Load package

After you have installed the package, you can load the package via the normal command. This will also load some test data.

library(neutralitytestr)

The test data files include 2 simulated VAF distributions, one under a neutral evolutionary model and one with a non neutral evolutionary model. The test data are vectors of variant allele frequency, and are named VAFselection and VAFneutral. First of all we print the first few elements of one of these vectors.

head(VAFselection)
## [1] 0.3669725 0.4056604 0.4226804 0.3333333 0.4200000 0.3700000

The test data were generated using an evolutionary model of cancer which produces synthetic sequencing data. The test data here were generated to approximately mimic whole genome sequencing data. There are \(\sim 5000\) mutations in both datasets and the data was “sequenced” to 100X. Also included was normal contamination of 20%, that is why we observe the peak at roughly 0.4 (\(2 \times 0.4 = 0.8\)) which represents the clonal mutations in the sample, that is mutations present in every cancer cell.

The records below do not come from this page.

Definition atoms (mu : set T -> \bar R) : set T :=
  [set w | mu [set w] != 0%E].

Definition Phi (phi : R -> R) (Omega : set T) (mu : set T -> \bar R) : \bar R :=
  (total_variation mu (Omega `\` atoms mu) +
   \esum_(w in atoms mu) (phi (fine (total_variation mu [set w])))%:E)%E.

End defs.

(* Condition (A1), for phi : [0,oo) -> [0,oo) (values of phi on negative
   reals are irrelevant) with derivative dphi on [0,oo) (right derivative
   at 0). *)
Definition condA1 {R : realType} (phi dphi : R -> R) : Prop :=
  (forall z, 0 <= z -> 0 <= phi z) /\
      (forall z : R, 0 < z -> is_derive z 1 phi (dphi z)) /\
      (h^-1 * (phi h - phi 0) @[h --> 0^'+] --> dphi 0) /\
      (forall x y t, 0 <= x -> 0 <= y -> 0 <= t <= 1 ->
         t * phi x + (1 - t) * phi y <= phi (t * x + (1 - t) * y)) /\
      (forall x y, 0 <= x -> x <= y -> phi x <= phi y) /\
      (phi 0 = 0 /\ dphi 0 = 1) /\
      (phi z @[z --> +oo] --> +oo) /\ (
      exists2 gamma : R, 0 <= gamma &
        forall z1 z2, 0 <= z1 -> z1 <= z2 ->
          0 <= dphi z1 - dphi z2 <= gamma * (z2 - z1)).

(* Let nu = |mu| be the variation of mu built from a Hahn decomposition; on
   Borel sets the total variation (a supremum over finite partitions) equals
   nu, and nu {w} = |mu {w}|.  As nu is finite, for each r > 0 only finitely
   many points carry mass > r, so the set A of atoms is a countable union of
   finite sets, it lies in Omega, and nu A = sum_(w in A) nu {w}.
   From phi 0 = 0, concavity and phi'(0) = 1 one gets phi z <= z and
   subadditivity, hence phi (a + sum_w b_w) <= a + sum_w phi b_w; with
   a = nu (Omega \ A) and b_w = nu {w} this is the lower bound, and
   phi <= id gives the upper one.  No other part of (A1) is needed, and
   compactness of Omega only serves to make Omega a Borel set. *)

From Pilot Require Import Defs.
From mathcomp Require Import all_boot all_algebra.
From mathcomp Require Import all_classical all_reals all_analysis.
From mathcomp Require Import ring lra.
Import numFieldNormedType.Exports.
Import order.Order.TTheory GRing.Theory Num.Theory.
Set Implicit Arguments.
Unset Strict Implicit.
Unset Printing Implicit Defensive.

Local Open Scope classical_set_scope.
Local Open Scope ring_scope.

Section concave_at_zero.
Context {R : realType} (phi : R -> R).
Hypothesis phi0 : phi 0 = 0.
Hypothesis phi_concave : forall x y t, 0 <= x -> 0 <= y -> 0 <= t <= 1 ->
  t * phi x + (1 - t) * phi y <= phi (t * x + (1 - t) * y).
Hypothesis phi_slope0 : h^-1 * (phi h - phi 0) @[h --> 0^'+] --> (1 : R).

Lemma concave_scale z t : 0 <= z -> 0 <= t <= 1 -> t * phi z <= phi (t * z).
Proof.
move=> z0 t01; have := phi_concave z0 (lexx 0) t01.
by rewrite phi0 !mulr0 !addr0.
Qed.

Lemma concave_le_id z : 0 <= z -> phi z <= z.
Proof.
(* For 0 < h <= z concavity gives phi z / z <= phi h / h, which tends to 1. *)
rewrite le_eqVlt => /predU1P[<-|z0]; first by rewrite phi0.
rewrite -[X in _ <= X]mul1r -ler_pdivrMr //.
apply: (cvgr_to_ge phi_slope0); near=> h.
have h0 : 0 < h by near: h; exact: nbhs_right_gt.
have hz : h <= z by near: h; exact: nbhs_right_le.
have t01 : 0 <= h / z <= 1.
  by rewrite divr_ge0 ?(ltW h0) ?(ltW z0) //= ler_pdivrMr // mul1r.
have := concave_scale (ltW z0) t01; rewrite divfK ?gt_eqF // phi0 subr0.
have hV0 : 0 <= h^-1 by rewrite invr_ge0 ltW.
move=> /(ler_wpM2l hV0); apply: le_trans.
by rewrite mulrA mulKf ?gt_eqF // mulrC.
Unshelve. all: by end_near.
Qed.

Lemma concave_subadditive u v : 0 <= u -> 0 <= v ->
  phi (u + v) <= phi u + phi v.
Proof.
move=> u0 v0; have [uv0|uv_neq0] := eqVneq (u + v) 0.
  have [-> ->] : u = 0 /\ v = 0 by split; lra.
  by rewrite addr0 phi0 addr0.
have uv_gt0 : 0 < u + v by rewrite lt_def uv_neq0 addr_ge0.
have scale w : 0 <= w <= u + v -> w / (u + v) * phi (u + v) <= phi w.
  move=> /andP[w0 wuv]; rewrite -[X in _ <= phi X](divfK uv_neq0).
  apply: concave_scale; first exact: ltW.
  by rewrite divr_ge0 ?(ltW uv_gt0) //= ler_pdivrMr // mul1r.
have := lerD (scale u _) (scale v _); rewrite -!mulrDl divff // mul1r.
by apply; apply/andP; split; lra.
Qed.

Lemma concave_addr_le u v : 0 <= u -> 0 <= v -> phi (u + v) <= phi u + v.
Proof.
move=> u0 v0; apply: le_trans (concave_subadditive u0 v0) _.
by rewrite lerD2l concave_le_id.
Qed.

For both data the effective mutation rate (or equivalently the per tumour doubling mutation rate) is 200 corresponding to a WGS base per rate of \(\sim 7 \times 10^{-8}\). For the VAFneutral data a neutral model where all cells have the same fitness was used, for the VAFselection data there is a single subclone at frequency 0.44 hence the peak at around 0.2 in the VAF spectrum (as will be seen below).

neutralitytest object

The basic functionality of the neutralitytestr package is achieved by creating a neutralitytest object. The neutralitytest object contains a range of metrics to test for neutrality, and makes plotting histograms and cumulative distributions to visualize the output easy. The neutralitytest function takes a vector of VAFs and an upper and lower limit for the frequency range over which we wish to test whether the data is consistent with a neutral model, and then calculates all 4 metrics.

s <- neutralitytest(VAFselection, fmin = 0.1, fmax = 0.25)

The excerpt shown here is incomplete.